▼▼▼

(* Let $H$ be the three-dimensional Heisenberg group with the left-invariant metric $g$ (parameter $A>0$) and magnetic form $\Omega$ (parameter $B$) of the context, and let $\Gamma_1,\Gamma_2<H$ be cocompact lattices. Suppose that for some $E>|B|$ the manifolds $\Gamma_1\backslash H$ and $\Gamma_2\backslash H$ have the same marked magnetic length spectrum at energy $E$. Then $\Gamma_1\backslash H$ and $\Gamma_2\backslash H$ are isometric.
   Context: $H$ is the simply connected Lie group whose Lie algebra has basis $X,Y,Z$ with only nonzero bracket $[X,Y]=Z$. $g$ is the left-invariant metric with $\{X/\sqrt A,Y/\sqrt A,Z\}$ orthonormal; with $\{\alpha,\beta,\zeta\}$ the dual basis, $\Omega=d(B\zeta)=-B\alpha\wedge\beta$. Magnetic geodesics are curves with $\nabla_{\sigma'}\sigma'=F\sigma'$, $g(Fu,v)=\Omega(u,v)$; they have constant speed $E$ (energy). Each $\Gamma_i\backslash H$ carries the induced metric and magnetic form, and $\pi_1(\Gamma_i\backslash H)\cong\Gamma_i$, so free homotopy classes of closed curves correspond to conjugacy classes of $\Gamma_i$; an isomorphism $\phi:\Gamma_1\to\Gamma_2$ induces a bijection $\phi_*$ of free homotopy classes. For a free homotopy class $\mathcal C$, $L(\mathcal C;E)$ is the set of lengths of smoothly closed magnetic geodesics of energy $E$ in $\mathcal C$ (a closed magnetic geodesic of energy $E$ and period $\omega$ has length $E|\omega|$). The two manifolds have the same marked magnetic length spectrum at energy $E$ if there is an isomorphism $\phi:\Gamma_1\to\Gamma_2$ with $L(\phi_*\mathcal C;E)=L(\mathcal C;E)$ for every nontrivial free homotopy class $\mathcal C$ of $\Gamma_1\backslash H$. *)

From Stdlib Require Import Reals.
From Coquelicot Require Import Coquelicot.
Open Scope R_scope.

(** Left-invariant fields: X = d/dx, Y = d/dy + x d/dz, Z = d/dz, and
    [X,Y] = Z is the only nonzero bracket. *)

Definition H : Type := (R * R * R)%type.
(* tangent vectors, in coordinates *)
Definition V : Type := (R * R * R)%type.

Definition cx (p : H) : R := fst (fst p).
Definition cy (p : H) : R := snd (fst p).
Definition cz (p : H) : R := snd p.

Definition hmul (p q : H) : H :=
  (cx p + cx q, cy p + cy q, cz p + cz q + cx p * cy q).
Definition hinv (p : H) : H :=
  (- cx p, - cy p, - cz p + cx p * cy p).
Definition hone : H := (0, 0, 0).

Definition hline (p : H) (s : R) (d : V) : H :=
  (cx p + s * cx d, cy p + s * cy d, cz p + s * cz d).

Definition alpha (p : H) (u : V) : R := cx u.
Definition beta  (p : H) (u : V) : R := cy u.
Definition zeta  (p : H) (u : V) : R := cz u - cx p * cy u.

(** The left-invariant metric g with {X/sqrt A, Y/sqrt A, Z} orthonormal,
    i.e. g = A alpha^2 + A beta^2 + zeta^2. *)
Definition gmet (A : R) (p : H) (u v : V) : R :=
  A * (alpha p u * alpha p v + beta p u * beta p v) + zeta p u * zeta p v.

(** The magnetic form Omega = d(B zeta) = - B alpha /\ beta. *)
Definition Omega (B : R) (p : H) (u v : V) : R :=
  - B * (alpha p u * beta p v - alpha p v * beta p u).

Definition Dg (A : R) (p : H) (d u v : V) : R :=
  Derive (fun s => gmet A (hline p s d) u v) 0.

Definition curve_deriv (c c' : R -> V) : Prop :=
  forall t, is_derive (fun s => cx (c s)) t (cx (c' t)) /\
            is_derive (fun s => cy (c s)) t (cy (c' t)) /\
            is_derive (fun s => cz (c s)) t (cz (c' t)).

(** Levi-Civita covariant acceleration, lowered with g (Christoffel symbols
    of the first kind):  g(nabla_{s'} s', w)
      = g(s'', w) + Gamma_{ij,l} s'^i s'^j w^l,
    Gamma_{ij,l} = 1/2 (d_i g_{jl} + d_j g_{il} - d_l g_{ij}). *)
Definition cov_acc_lowered (A : R) (p : H) (v1 v2 w : V) : R :=
  gmet A p v2 w + Dg A p v1 v1 w - / 2 * Dg A p w v1 v1.

(** Magnetic geodesic of energy E: nabla_{s'} s' = F s' with
    g(F u, v) = Omega(u, v), tested against every vector w (g is
    nondegenerate), and constant speed E. *)
Definition magnetic_geodesic (A B E : R) (sigma : R -> H) : Prop :=
  exists sigma1 sigma2 : R -> V,
    curve_deriv sigma sigma1 /\ curve_deriv sigma1 sigma2 /\
    (forall t w, cov_acc_lowered A (sigma t) (sigma1 t) (sigma2 t) w
                 = Omega B (sigma t) (sigma1 t) w) /\
    (forall t, sqrt (gmet A (sigma t) (sigma1 t) (sigma1 t)) = E).

Definition sqnorm (p : H) : R := cx p ^ 2 + cy p ^ 2 + cz p ^ 2.

Definition subgroup (G : H -> Prop) : Prop :=
  G hone /\ (forall a b, G a -> G b -> G (hmul a b)) /\
  (forall a, G a -> G (hinv a)).

(** cocompact lattice: discrete subgroup with compact quotient G\H
    (equivalently, some closed ball K satisfies G K = H). *)
Definition cocompact_lattice (G : H -> Prop) : Prop :=
  subgroup G /\
  (exists eps, 0 < eps /\ forall g, G g -> sqnorm g < eps -> g = hone) /\
  (exists r, forall p, exists g, G g /\ sqnorm (hmul g p) <= r).

Definition conj_in (G : H -> Prop) (d g : H) : Prop :=
  exists h, G h /\ d = hmul (hmul h g) (hinv h).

▲▲▲

:: WHAT TO DO ::
The full set of entries should be transcribed exactly.

:: SOLVED PROBLEM ::
(* Let $H$ be the three-dimensional Heisenberg group with the left-invariant metric $g$ (parameter $A>0$) and magnetic form $\Omega$ (parameter $B$) of the context, and let $\Gamma_1,\Gamma_2<H$ be cocompact lattices. Suppose that for some $E>|B|$ the manifolds $\Gamma_1\backslash H$ and $\Gamma_2\backslash H$ have the same marked magnetic length spectrum at energy $E$. Then $\Gamma_1\backslash H$ and $\Gamma_2\backslash H$ are isometric.
   Context: $H$ is the simply connected Lie group whose Lie algebra has basis $X,Y,Z$ with only nonzero bracket $[X,Y]=Z$. $g$ is the left-invariant metric with $\{X/\sqrt A,Y/\sqrt A,Z\}$ orthonormal; with $\{\alpha,\beta,\zeta\}$ the dual basis, $\Omega=d(B\zeta)=-B\alpha\wedge\beta$. Magnetic geodesics are curves with $\nabla_{\sigma'}\sigma'=F\sigma'$, $g(Fu,v)=\Omega(u,v)$; they have constant speed $E$ (energy). Each $\Gamma_i\backslash H$ carries the induced metric and magnetic form, and $\pi_1(\Gamma_i\backslash H)\cong\Gamma_i$, so free homotopy classes of closed curves correspond to conjugacy classes of $\Gamma_i$; an isomorphism $\phi:\Gamma_1\to\Gamma_2$ induces a bijection $\phi_*$ of free homotopy classes. For a free homotopy class $\mathcal C$, $L(\mathcal C;E)$ is the set of lengths of smoothly closed magnetic geodesics of energy $E$ in $\mathcal C$ (a closed magnetic geodesic of energy $E$ and period $\omega$ has length $E|\omega|$). The two manifolds have the same marked magnetic length spectrum at energy $E$ if there is an isomorphism $\phi:\Gamma_1\to\Gamma_2$ with $L(\phi_*\mathcal C;E)=L(\mathcal C;E)$ for every nontrivial free homotopy class $\mathcal C$ of $\Gamma_1\backslash H$. *)

From Stdlib Require Import Reals.
From Coquelicot Require Import Coquelicot.
Open Scope R_scope.

(** Left-invariant fields: X = d/dx, Y = d/dy + x d/dz, Z = d/dz, and
    [X,Y] = Z is the only nonzero bracket. *)

Definition H : Type := (R * R * R)%type.
(* tangent vectors, in coordinates *)
Definition V : Type := (R * R * R)%type.

Definition cx (p : H) : R := fst (fst p).
Definition cy (p : H) : R := snd (fst p).
Definition cz (p : H) : R := snd p.

Definition hmul (p q : H) : H :=
  (cx p + cx q, cy p + cy q, cz p + cz q + cx p * cy q).
Definition hinv (p : H) : H :=
  (- cx p, - cy p, - cz p + cx p * cy p).
Definition hone : H := (0, 0, 0).

Definition hline (p : H) (s : R) (d : V) : H :=
  (cx p + s * cx d, cy p + s * cy d, cz p + s * cz d).

Definition alpha (p : H) (u : V) : R := cx u.
Definition beta  (p : H) (u : V) : R := cy u.
Definition zeta  (p : H) (u : V) : R := cz u - cx p * cy u.

(** The left-invariant metric g with {X/sqrt A, Y/sqrt A, Z} orthonormal,
    i.e. g = A alpha^2 + A beta^2 + zeta^2. *)
Definition gmet (A : R) (p : H) (u v : V) : R :=
  A * (alpha p u * alpha p v + beta p u * beta p v) + zeta p u * zeta p v.

(** The magnetic form Omega = d(B zeta) = - B alpha /\ beta. *)
Definition Omega (B : R) (p : H) (u v : V) : R :=
  - B * (alpha p u * beta p v - alpha p v * beta p u).

Definition Dg (A : R) (p : H) (d u v : V) : R :=
  Derive (fun s => gmet A (hline p s d) u v) 0.

Definition curve_deriv (c c' : R -> V) : Prop :=
  forall t, is_derive (fun s => cx (c s)) t (cx (c' t)) /\
            is_derive (fun s => cy (c s)) t (cy (c' t)) /\
            is_derive (fun s => cz (c s)) t (cz (c' t)).

(** Levi-Civita covariant acceleration, lowered with g (Christoffel symbols
    of the first kind):  g(nabla_{s'} s', w)
      = g(s'', w) + Gamma_{ij,l} s'^i s'^j w^l,
    Gamma_{ij,l} = 1/2 (d_i g_{jl} + d_j g_{il} - d_l g_{ij}). *)
Definition cov_acc_lowered (A : R) (p : H) (v1 v2 w : V) : R :=
  gmet A p v2 w + Dg A p v1 v1 w - / 2 * Dg A p w v1 v1.

(** Magnetic geodesic of energy E: nabla_{s'} s' = F s' with
    g(F u, v) = Omega(u, v), tested against every vector w (g is
    nondegenerate), and constant speed E. *)
Definition magnetic_geodesic (A B E : R) (sigma : R -> H) : Prop :=
  exists sigma1 sigma2 : R -> V,
    curve_deriv sigma sigma1 /\ curve_deriv sigma1 sigma2 /\
    (forall t w, cov_acc_lowered A (sigma t) (sigma1 t) (sigma2 t) w
                 = Omega B (sigma t) (sigma1 t) w) /\
    (forall t, sqrt (gmet A (sigma t) (sigma1 t) (sigma1 t)) = E).

Definition sqnorm (p : H) : R := cx p ^ 2 + cy p ^ 2 + cz p ^ 2.

Definition subgroup (G : H -> Prop) : Prop :=
  G hone /\ (forall a b, G a -> G b -> G (hmul a b)) /\
  (forall a, G a -> G (hinv a)).

(** cocompact lattice: discrete subgroup with compact quotient G\H
    (equivalently, some closed ball K satisfies G K = H). *)
Definition cocompact_lattice (G : H -> Prop) : Prop :=
  subgroup G /\
  (exists eps, 0 < eps /\ forall g, G g -> sqnorm g < eps -> g = hone) /\
  (exists r, forall p, exists g, G g /\ sqnorm (hmul g p) <= r).

Definition conj_in (G : H -> Prop) (d g : H) : Prop :=
  exists h, G h /\ d = hmul (hmul h g) (hinv h).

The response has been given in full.